Emotional Quota

I think I’m just having a bad day.

I think it finally hit me that my boss is gone, that my project director is on the tail end of his tenure and before the changes begin to resemble anything like our previous team's chemistry—it’s going to be a rough restart. 

I think my PMS has decided that instead of gradually affecting me it said: “FUCKIT, YOU’RE GONNA FEEL ALL THE FEELZ TODAY.”

I think I'm super frustrated that every single Shiba Inu breeder I’ve reached out to has not given me anything close to a confirmation or even concrete information. At this point I've easily contacted over a dozen by now. I've searched the entire West Coast + Nevada + Arizona and I still can't get someone to take my deposit.

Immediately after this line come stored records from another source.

Lemma lee_EFin_natSinv {R : realType} (x : \bar R) (r : R) :
  (x <= r%:E)%E <-> forall k : nat, (x <= (r + k.+1%:R^-1)%:E)%E.
Proof.
split=> [xr k|xr]; first by apply: le_trans xr _; rewrite lee_fin lerDl.
apply/lee_addgt0Pr => e /exists_natSinv_lt [k ke].
by apply: le_trans (xr k) _; rewrite lee_fin lerD2l ltW.
Qed.

Lemma compact_finite_subcover {T : ptopologicalType} {A : set T} (O : T -> set T) :
  compact A -> (forall a, A a -> open (O a)) -> (forall a, A a -> O a a) ->
  exists (I : finType) (c : I -> T), (forall i, A (c i)) /\ A `<=` \bigcup_i O (c i).
Proof.
rewrite compact_cover => Acover Oopen Oa.
have [|D DA AD] := Acover T A O Oopen; first by move=> a Aa; exists a => //; exact: Oa.
exists (fset_sub_type D), val; split=> [i|a /AD [b /= bD Oba]].
  exact: set_mem (DA _ (valP i)).
by exists [` bD]%fset.
Qed.

Section GeneratedSigmaAlgebra.
Context {T : Type} {D : set T} {G : set (set T)}.
Local Notation S := <<s D, G >>.

Lemma sigma_algebra_bigcapD (F : (set T)^nat) : (forall k, S (F k)) ->
  S (D `&` \bigcap_k F k).
Proof.
move=> SF; have -> : D `&` \bigcap_k F k = D `\` \bigcup_k (D `\` F k).
  apply/seteqP; split=> [x [Dx Fx]|x [Dx DFx]].
    by split=> // -[k _ [_]]; apply; exact: Fx.
  by split=> // k _; apply: contrapT => nFkx; apply: DFx; exists k.
by apply: sigma_algebraCD; apply: sigma_algebra_bigcup => k; exact: sigma_algebraCD.
Qed.

Lemma sigma_algebra_setI (A B : set T) : A `<=` D -> S A -> S B -> S (A `&` B).
Proof.
move=> AD SA SB; have := @sigma_algebra_bigcapD (fun k => if k is 0 then A else B).
have -> : D `&` \bigcap_k (if k is 0 then A else B) = A `&` B.
  apply/seteqP; split=> [x [_ AB]|x [Ax Bx]].
    by split; [exact: (AB 0%N) | exact: (AB 1%N)].
  by split=> [|[|k] _]; [exact: AD | |].
by apply; case.
Qed.

Lemma sigma_algebra_setI_bigcap_seq {I : eqType} (s : seq I) {A : set T} {F : I -> set T} :
  A `<=` D -> S A -> (forall i, S (F i)) -> S (A `&` \bigcap_(i in [set` s]) F i).
Proof.
move=> AD SA SF; elim: s => [|i s IHs].
  by rewrite (_ : \bigcap_(i in _) _ = setT) ?setIT //; apply/seteqP; split.
have -> : A `&` \bigcap_(j in [set` i :: s]) F j =
    (A `&` F i) `&` (A `&` \bigcap_(j in [set` s]) F j).
  apply/seteqP; split=> [x [Ax Fx] | x [[Ax Fix] [_ Fx]]].
    split; first by split=> //; apply: Fx; rewrite /= inE eqxx.
    by split=> // j js; apply: Fx; rewrite /= inE js orbT.
  by split=> // j; rewrite /= inE => /predU1P [-> | /Fx].
apply: sigma_algebra_setI IHs; first by move=> x [/AD].
exact: sigma_algebra_setI.
Qed.

End GeneratedSigmaAlgebra.

Section ComplexModulus.
Context {R : rcfType}.
Local Notation normc := (@Normc.normc R).

Lemma normc_ge0 (x : R[i]) : 0 <= normc x.
Proof. exact: (@normr_ge0 _ (Rcomplex R)). Qed.

Lemma normc_distC (x y : R[i]) : normc (x - y) = normc (y - x).
Proof. exact: (@distrC _ (Rcomplex R)). Qed.

Lemma ler_normc_distD (x y z : R[i]) :
  normc (x - z) <= normc (x - y) + normc (y - z).
Proof. by rewrite -(subrKA y); exact: le_normcD. Qed.

Lemma normc_Lipschitz (x y : R[i]) : `|normc x - normc y| <= normc (x - y).
Proof. exact: (@ler_dist_dist _ (Rcomplex R)). Qed.

Lemma normc_le_ReIm (a b : R) : normc (a +i* b) <= `|a| + `|b|.
Proof.
apply: sqrtr_le; first by rewrite addr_ge0.
rewrite -(real_normK (num_real a)) -(real_normK (num_real b)) sqrrD.
have : 0 <= `|a| * `|b| *+ 2 by rewrite mulrn_wge0 ?mulr_ge0.
lra.
Qed.

Lemma Re_le_normc (x : R[i]) : `|complex.Re x| <= normc x.
Proof.
by case: x => a b; rewrite /= -sqrtr_sqr; apply: ler_wsqrtr; rewrite lerDl sqr_ge0.
Qed.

I think the fact that I want to burst into tears on my walk home is amplified by the fact there is no one to unleash this emotional wrath on as soon as I arrive. 

That last one is a big one.

That one always makes me feel especially crazy. It’s like a vicious cycle. I end up sobbing out of control because there is no one there to console me.

I just laughed out loud as I typed that last sentence. I want to cry because there is no one to cry to. Anyways… I’ve gotten out all the tears for the day. The emotional quota has been filled. 

You get five minutes—only. 

PS. I owe you a post about my travels. I owe you posts in general. They’re coming.